• Exercise instructions: Your task is to print each entry exactly as written.

• Record set:
****************

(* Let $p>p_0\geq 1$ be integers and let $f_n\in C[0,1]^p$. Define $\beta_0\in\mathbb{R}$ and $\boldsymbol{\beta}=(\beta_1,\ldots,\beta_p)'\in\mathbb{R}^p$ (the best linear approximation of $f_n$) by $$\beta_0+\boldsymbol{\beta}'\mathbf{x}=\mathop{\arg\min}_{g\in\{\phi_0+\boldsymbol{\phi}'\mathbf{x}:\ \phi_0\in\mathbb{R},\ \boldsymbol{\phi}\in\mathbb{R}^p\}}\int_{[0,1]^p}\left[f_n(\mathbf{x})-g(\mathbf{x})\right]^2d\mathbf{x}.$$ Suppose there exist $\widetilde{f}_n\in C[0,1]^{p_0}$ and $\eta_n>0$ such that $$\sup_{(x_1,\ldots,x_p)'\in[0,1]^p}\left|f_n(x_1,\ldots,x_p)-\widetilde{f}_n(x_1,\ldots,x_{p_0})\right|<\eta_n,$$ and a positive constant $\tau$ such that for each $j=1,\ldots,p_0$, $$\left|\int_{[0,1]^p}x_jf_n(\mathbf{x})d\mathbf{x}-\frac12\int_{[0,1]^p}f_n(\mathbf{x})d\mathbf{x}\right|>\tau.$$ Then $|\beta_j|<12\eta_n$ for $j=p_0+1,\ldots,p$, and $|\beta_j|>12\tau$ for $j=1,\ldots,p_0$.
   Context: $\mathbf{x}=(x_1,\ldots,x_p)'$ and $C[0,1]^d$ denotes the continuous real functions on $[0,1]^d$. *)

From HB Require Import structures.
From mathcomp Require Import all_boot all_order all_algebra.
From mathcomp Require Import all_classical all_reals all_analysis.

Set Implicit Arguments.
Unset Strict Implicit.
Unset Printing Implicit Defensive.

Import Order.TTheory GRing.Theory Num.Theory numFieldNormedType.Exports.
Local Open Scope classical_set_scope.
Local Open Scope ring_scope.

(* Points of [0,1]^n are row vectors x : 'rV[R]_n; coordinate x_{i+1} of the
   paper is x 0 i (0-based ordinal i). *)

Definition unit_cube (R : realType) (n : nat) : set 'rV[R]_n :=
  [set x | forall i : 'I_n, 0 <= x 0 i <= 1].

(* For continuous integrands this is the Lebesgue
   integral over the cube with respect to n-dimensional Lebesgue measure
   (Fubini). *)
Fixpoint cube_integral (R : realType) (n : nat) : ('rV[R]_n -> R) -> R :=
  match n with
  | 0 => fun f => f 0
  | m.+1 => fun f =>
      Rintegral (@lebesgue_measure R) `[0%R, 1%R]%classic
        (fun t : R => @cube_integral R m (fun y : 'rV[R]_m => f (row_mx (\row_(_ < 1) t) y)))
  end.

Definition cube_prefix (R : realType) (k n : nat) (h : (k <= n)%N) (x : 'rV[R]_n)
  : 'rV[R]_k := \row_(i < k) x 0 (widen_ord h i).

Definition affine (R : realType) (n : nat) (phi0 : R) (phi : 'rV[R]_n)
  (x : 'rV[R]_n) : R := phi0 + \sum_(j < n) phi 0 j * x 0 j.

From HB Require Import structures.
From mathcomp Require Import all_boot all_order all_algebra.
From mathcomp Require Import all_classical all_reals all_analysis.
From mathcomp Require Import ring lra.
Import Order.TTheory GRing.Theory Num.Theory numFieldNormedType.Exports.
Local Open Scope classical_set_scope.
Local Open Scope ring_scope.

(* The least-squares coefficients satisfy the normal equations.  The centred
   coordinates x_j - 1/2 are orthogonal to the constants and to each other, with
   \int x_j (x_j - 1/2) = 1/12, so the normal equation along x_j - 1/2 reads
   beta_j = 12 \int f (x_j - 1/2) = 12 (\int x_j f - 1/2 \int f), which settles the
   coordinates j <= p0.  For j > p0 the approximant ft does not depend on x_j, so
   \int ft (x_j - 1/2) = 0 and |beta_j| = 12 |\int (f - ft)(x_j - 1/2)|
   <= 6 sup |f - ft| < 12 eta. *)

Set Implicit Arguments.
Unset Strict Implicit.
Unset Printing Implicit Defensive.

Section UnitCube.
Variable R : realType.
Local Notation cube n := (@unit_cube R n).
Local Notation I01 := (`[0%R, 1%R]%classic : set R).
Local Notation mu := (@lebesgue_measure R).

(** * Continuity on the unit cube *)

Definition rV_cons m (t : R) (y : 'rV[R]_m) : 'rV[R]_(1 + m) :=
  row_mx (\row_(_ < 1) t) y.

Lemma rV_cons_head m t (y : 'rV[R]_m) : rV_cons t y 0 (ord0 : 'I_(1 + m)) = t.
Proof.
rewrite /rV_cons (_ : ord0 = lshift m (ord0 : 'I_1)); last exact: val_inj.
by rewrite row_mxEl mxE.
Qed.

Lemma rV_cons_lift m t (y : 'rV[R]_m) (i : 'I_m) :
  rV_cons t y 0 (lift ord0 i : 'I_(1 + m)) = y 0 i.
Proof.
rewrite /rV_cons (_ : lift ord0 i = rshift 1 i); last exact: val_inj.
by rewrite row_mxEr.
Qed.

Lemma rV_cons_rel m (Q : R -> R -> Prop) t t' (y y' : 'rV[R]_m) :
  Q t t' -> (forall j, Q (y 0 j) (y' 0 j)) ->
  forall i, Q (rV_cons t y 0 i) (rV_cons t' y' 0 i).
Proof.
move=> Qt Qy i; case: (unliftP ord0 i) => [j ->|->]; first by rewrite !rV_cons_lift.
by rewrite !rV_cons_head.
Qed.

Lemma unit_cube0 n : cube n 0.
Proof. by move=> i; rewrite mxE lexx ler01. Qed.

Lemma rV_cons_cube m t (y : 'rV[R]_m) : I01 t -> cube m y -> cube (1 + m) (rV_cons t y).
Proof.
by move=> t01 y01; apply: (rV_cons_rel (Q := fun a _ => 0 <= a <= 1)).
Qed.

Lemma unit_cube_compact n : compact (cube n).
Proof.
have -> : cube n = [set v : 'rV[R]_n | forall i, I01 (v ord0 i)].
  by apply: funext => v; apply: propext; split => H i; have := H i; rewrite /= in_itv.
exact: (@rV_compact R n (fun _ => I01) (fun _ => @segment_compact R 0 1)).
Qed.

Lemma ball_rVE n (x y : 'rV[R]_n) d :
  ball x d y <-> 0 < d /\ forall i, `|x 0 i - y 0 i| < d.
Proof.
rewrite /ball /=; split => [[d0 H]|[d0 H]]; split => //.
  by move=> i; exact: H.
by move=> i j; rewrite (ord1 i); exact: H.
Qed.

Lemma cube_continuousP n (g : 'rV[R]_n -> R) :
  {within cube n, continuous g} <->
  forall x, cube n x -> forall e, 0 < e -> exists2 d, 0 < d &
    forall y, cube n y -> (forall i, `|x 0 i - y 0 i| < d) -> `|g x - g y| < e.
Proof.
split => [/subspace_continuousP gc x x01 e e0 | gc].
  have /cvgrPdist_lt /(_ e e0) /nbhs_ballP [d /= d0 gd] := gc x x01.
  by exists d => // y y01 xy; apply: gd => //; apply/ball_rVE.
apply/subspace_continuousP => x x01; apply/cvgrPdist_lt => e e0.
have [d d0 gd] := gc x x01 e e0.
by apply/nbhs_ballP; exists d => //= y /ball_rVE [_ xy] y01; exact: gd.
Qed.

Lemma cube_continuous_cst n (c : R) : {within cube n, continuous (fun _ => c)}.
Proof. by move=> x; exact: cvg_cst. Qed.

****************

• Final answer:
(* Let $p>p_0\geq 1$ be integers and let $f_n\in C[0,1]^p$. Define $\beta_0\in\mathbb{R}$ and $\boldsymbol{\beta}=(\beta_1,\ldots,\beta_p)'\in\mathbb{R}^p$ (the best linear approximation of $f_n$) by $$\beta_0+\boldsymbol{\beta}'\mathbf{x}=\mathop{\arg\min}_{g\in\{\phi_0+\boldsymbol{\phi}'\mathbf{x}:\ \phi_0\in\mathbb{R},\ \boldsymbol{\phi}\in\mathbb{R}^p\}}\int_{[0,1]^p}\left[f_n(\mathbf{x})-g(\mathbf{x})\right]^2d\mathbf{x}.$$ Suppose there exist $\widetilde{f}_n\in C[0,1]^{p_0}$ and $\eta_n>0$ such that $$\sup_{(x_1,\ldots,x_p)'\in[0,1]^p}\left|f_n(x_1,\ldots,x_p)-\widetilde{f}_n(x_1,\ldots,x_{p_0})\right|<\eta_n,$$ and a positive constant $\tau$ such that for each $j=1,\ldots,p_0$, $$\left|\int_{[0,1]^p}x_jf_n(\mathbf{x})d\mathbf{x}-\frac12\int_{[0,1]^p}f_n(\mathbf{x})d\mathbf{x}\right|>\tau.$$ Then $|\beta_j|<12\eta_n$ for $j=p_0+1,\ldots,p$, and $|\beta_j|>12\tau$ for $j=1,\ldots,p_0$.
   Context: $\mathbf{x}=(x_1,\ldots,x_p)'$ and $C[0,1]^d$ denotes the continuous real functions on $[0,1]^d$. *)

From HB Require Import structures.
From mathcomp Require Import all_boot all_order all_algebra.
From mathcomp Require Import all_classical all_reals all_analysis.

Set Implicit Arguments.
Unset Strict Implicit.
Unset Printing Implicit Defensive.

Import Order.TTheory GRing.Theory Num.Theory numFieldNormedType.Exports.
Local Open Scope classical_set_scope.
Local Open Scope ring_scope.

(* Points of [0,1]^n are row vectors x : 'rV[R]_n; coordinate x_{i+1} of the
   paper is x 0 i (0-based ordinal i). *)

Definition unit_cube (R : realType) (n : nat) : set 'rV[R]_n :=
  [set x | forall i : 'I_n, 0 <= x 0 i <= 1].

(* For continuous integrands this is the Lebesgue
   integral over the cube with respect to n-dimensional Lebesgue measure
   (Fubini). *)
Fixpoint cube_integral (R : realType) (n : nat) : ('rV[R]_n -> R) -> R :=
  match n with
  | 0 => fun f => f 0
  | m.+1 => fun f =>
      Rintegral (@lebesgue_measure R) `[0%R, 1%R]%classic
        (fun t : R => @cube_integral R m (fun y : 'rV[R]_m => f (row_mx (\row_(_ < 1) t) y)))
  end.

Definition cube_prefix (R : realType) (k n : nat) (h : (k <= n)%N) (x : 'rV[R]_n)
  : 'rV[R]_k := \row_(i < k) x 0 (widen_ord h i).

Definition affine (R : realType) (n : nat) (phi0 : R) (phi : 'rV[R]_n)
  (x : 'rV[R]_n) : R := phi0 + \sum_(j < n) phi 0 j * x 0 j.

From HB Require Import structures.
From mathcomp Require Import all_boot all_order all_algebra.
From mathcomp Require Import all_classical all_reals all_analysis.
From mathcomp Require Import ring lra.
Import Order.TTheory GRing.Theory Num.Theory numFieldNormedType.Exports.
Local Open Scope classical_set_scope.
Local Open Scope ring_scope.

(* The least-squares coefficients satisfy the normal equations.  The centred
   coordinates x_j - 1/2 are orthogonal to the constants and to each other, with
   \int x_j (x_j - 1/2) = 1/12, so the normal equation along x_j - 1/2 reads
   beta_j = 12 \int f (x_j - 1/2) = 12 (\int x_j f - 1/2 \int f), which settles the
   coordinates j <= p0.  For j > p0 the approximant ft does not depend on x_j, so
   \int ft (x_j - 1/2) = 0 and |beta_j| = 12 |\int (f - ft)(x_j - 1/2)|
   <= 6 sup |f - ft| < 12 eta. *)

Set Implicit Arguments.
Unset Strict Implicit.
Unset Printing Implicit Defensive.

Section UnitCube.
Variable R : realType.
Local Notation cube n := (@unit_cube R n).
Local Notation I01 := (`[0%R, 1%R]%classic : set R).
Local Notation mu := (@lebesgue_measure R).

(** * Continuity on the unit cube *)

Definition rV_cons m (t : R) (y : 'rV[R]_m) : 'rV[R]_(1 + m) :=
  row_mx (\row_(_ < 1) t) y.

Lemma rV_cons_head m t (y : 'rV[R]_m) : rV_cons t y 0 (ord0 : 'I_(1 + m)) = t.
Proof.
rewrite /rV_cons (_ : ord0 = lshift m (ord0 : 'I_1)); last exact: val_inj.
by rewrite row_mxEl mxE.
Qed.

Lemma rV_cons_lift m t (y : 'rV[R]_m) (i : 'I_m) :
  rV_cons t y 0 (lift ord0 i : 'I_(1 + m)) = y 0 i.
Proof.
rewrite /rV_cons (_ : lift ord0 i = rshift 1 i); last exact: val_inj.
by rewrite row_mxEr.
Qed.

Lemma rV_cons_rel m (Q : R -> R -> Prop) t t' (y y' : 'rV[R]_m) :
  Q t t' -> (forall j, Q (y 0 j) (y' 0 j)) ->
  forall i, Q (rV_cons t y 0 i) (rV_cons t' y' 0 i).
Proof.
move=> Qt Qy i; case: (unliftP ord0 i) => [j ->|->]; first by rewrite !rV_cons_lift.
by rewrite !rV_cons_head.
Qed.

Lemma unit_cube0 n : cube n 0.
Proof. by move=> i; rewrite mxE lexx ler01. Qed.

Lemma rV_cons_cube m t (y : 'rV[R]_m) : I01 t -> cube m y -> cube (1 + m) (rV_cons t y).
Proof.
by move=> t01 y01; apply: (rV_cons_rel (Q := fun a _ => 0 <= a <= 1)).
Qed.

Lemma unit_cube_compact n : compact (cube n).
Proof.
have -> : cube n = [set v : 'rV[R]_n | forall i, I01 (v ord0 i)].
  by apply: funext => v; apply: propext; split => H i; have := H i; rewrite /= in_itv.
exact: (@rV_compact R n (fun _ => I01) (fun _ => @segment_compact R 0 1)).
Qed.

Lemma ball_rVE n (x y : 'rV[R]_n) d :
  ball x d y <-> 0 < d /\ forall i, `|x 0 i - y 0 i| < d.
Proof.
rewrite /ball /=; split => [[d0 H]|[d0 H]]; split => //.
  by move=> i; exact: H.
by move=> i j; rewrite (ord1 i); exact: H.
Qed.

Lemma cube_continuousP n (g : 'rV[R]_n -> R) :
  {within cube n, continuous g} <->
  forall x, cube n x -> forall e, 0 < e -> exists2 d, 0 < d &
    forall y, cube n y -> (forall i, `|x 0 i - y 0 i| < d) -> `|g x - g y| < e.
Proof.
split => [/subspace_continuousP gc x x01 e e0 | gc].
  have /cvgrPdist_lt /(_ e e0) /nbhs_ballP [d /= d0 gd] := gc x x01.
  by exists d => // y y01 xy; apply: gd => //; apply/ball_rVE.
apply/subspace_continuousP => x x01; apply/cvgrPdist_lt => e e0.
have [d d0 gd] := gc x x01 e e0.
by apply/nbhs_ballP; exists d => //= y /ball_rVE [_ xy] y01; exact: gd.
Qed.

Lemma cube_continuous_cst n (c : R) : {within cube n, continuous (fun _ => c)}.
Proof. by move=> x; exact: cvg_cst. Qed.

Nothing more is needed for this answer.